El anteproyecto que está elaborando el Gobierno presidido por Pedro Sánchez amplía el reconocimiento de las personas que padecieron persecución y violencia por parte del franquismo desde el golpe de estado del 18 de julio de 1936 hasta la promulgación de la Constitución española de 1978. El segundo eje es la recuperación y difusión de la memoria democrática. O dicho de otra forma, es el deber de mantener viva la memoria como garantía de no repetición de estos episodios trágicos para nuestro país. De esta forma, la memoria democrática entrará en la escuela, se fomentará la investigación, se impulsarán programas específicos de divulgación que incluirán el relato de las víctimas o se procederá a la resignificación del Valle de los Caídos.

Entre otras novedades, las administraciones públicas asumirán el liderazgo en la búsqueda de los desaparecidos (España, con unos 100.000, es el segundo país con más desaparecidos del mundo), se anularán las sentencias arbitrarias de los tribunales de excepción franquistas, se creará una Fiscalía de Memoria Democrática y Derechos Humanos, se recuperará el papel activo desarrollado por las mujeres o se hará una auditoría sobre los bienes expoliados por razones ideológicas, conciencia o creencia religiosa.

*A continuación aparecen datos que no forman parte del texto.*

Lemma sum_sqnorm2_gradHl_le g vs (A : R) :
  0 < A -> differentiable g (prodH vs) ->
  (forall l, A < Num.sqrt (sqnorm2 (vs l))) ->
  \sum_(l < L) sqnorm2 (gradHl g vs l) <=
    (24 / A ^+ 2 * (N * (N + 2))%:R * L%:R) * sqfrob (gradM g (prodH vs)).
Proof.
move=> A_gt0 dg vs_large; set G := sqfrob _.
have G_ge0 : 0 <= G by apply: sqfrob_ge0.
have A2_lt l : A ^+ 2 < sqnorm2 (vs l).
  rewrite -(sqr_sqrtr (sqnorm2_ge0 (vs l))).
  by have := vs_large l; set r := Num.sqrt _ => A_lt_r; nra.
have vs_gt0 l : 0 < sqnorm2 (vs l) by apply: lt_trans (A2_lt l); apply: exprn_gt0.
have term_le l : sqnorm2 (gradHl g vs l) <= 72 * N%:R / A ^+ 2 * G.
  apply: le_trans (sqnorm2_gradHl_le _ _ l vs_gt0 dg) _.
  apply: ler_wpM2r => //; apply: ler_wpM2l; first by rewrite mulr_ge0.
  by rewrite lef_pV2 ?posrE ?exprn_gt0 // ltW.
apply: le_trans (ler_sum _ (fun l _ => term_le l)) _.
rewrite sumr_const card_ord -[_ *+ L]mulr_natl mulrA; apply: ler_wpM2r => //.
(* [72 N <= 24 N (N + 2)] because [N = 0] or [N + 2 >= 3] *)
have : (3 * N <= N * (N + 2))%N.
  by rewrite mulnC leq_mul2l; case: N => // n; rewrite !addnS addn0.
rewrite -(ler_nat R) !natrM natrD => N_le.
have : 0 <= L%:R * (A ^+ 2)^-1 :> R.
  by rewrite mulr_ge0 // invr_ge0 exprn_ge0 // ltW.
nra.
Qed.

End GradientBounds.

Theorem mainTheorem8 (R : realType) (d : measure_display) (Omega : measurableType d)
  (P : probability Omega R) (N L : nat) (A M2 : R)
  (f : Omega -> 'M[R]_N -> R) :
  0 < A ->
  (forall X : 'M[R]_N, measurable_fun setT (fun w => f w X)) ->
  (forall w (X : 'M[R]_N), differentiable (f w) X) ->
  (forall X : 'M[R]_N, orthogonal_mx X ->
     (\int[P]_(w in setT) (sqfrob (gradM (f w) X))%:E <= M2%:E)%E) ->
  forall vs : 'I_L -> 'rV[R]_N,
  (forall l, A < Num.sqrt (sqnorm2 (vs l))) ->
  (\int[P]_(w in setT) (\sum_(l < L) sqnorm2 (gradHl (f w) vs l))%:E
     <= (24 / A ^+ 2 * (N * (N + 2))%:R * L%:R * M2)%:E)%E.
Proof.
move=> A_gt0 _ f_diff grad_bound vs vs_large.
set c := 24 / A ^+ 2 * (N * (N + 2))%:R * L%:R.
have c_ge0 : 0 <= c by rewrite !mulr_ge0 // invr_ge0 exprn_ge0 // ltW.
have vs_neq0 l : sqnorm2 (vs l) != 0.
  by apply/eqP => s0; move: (vs_large l); rewrite s0 sqrtr0 ltNge ltW.
pose G w := sqfrob (gradM (f w) (prodH vs)).
apply: le_trans (integral_le_scale (G := G) c_ge0 _ _ _) _.
- by move=> w; apply: sumr_ge0 => l _; apply: sqnorm2_ge0.
- by move=> w; apply: sqfrob_ge0.
- by move=> w; apply: sum_sqnorm2_gradHl_le.
rewrite (EFinM c M2); apply: lee_wpmul2l; first by rewrite lee_fin.
exact/grad_bound/orthogonal_prodH.
Qed.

Estamos ante un propuesta ambiciosa que entronca con lo más avanzado del derecho internacional humanitario, que dignifica a las víctimas y fortalece nuestra democracia. Recuperar nuestra memoria es una obligación ética y democrática, lo que es realmente escandaloso es la nostalgia de los sectores conservadores y sus titubeos para cortar de raíz con el pasado. La pertinencia de esta nueva ley es total aunque la derecha grite, patalee y se niegue a cerrar desde la reparación su deuda con nuestra historia. Dijo Óscar Wilde que “si nunca se habla de una cosa, es como si no hubiese sucedido”. Por la Memoria.

Senador socialista por Andalucía, y periodista.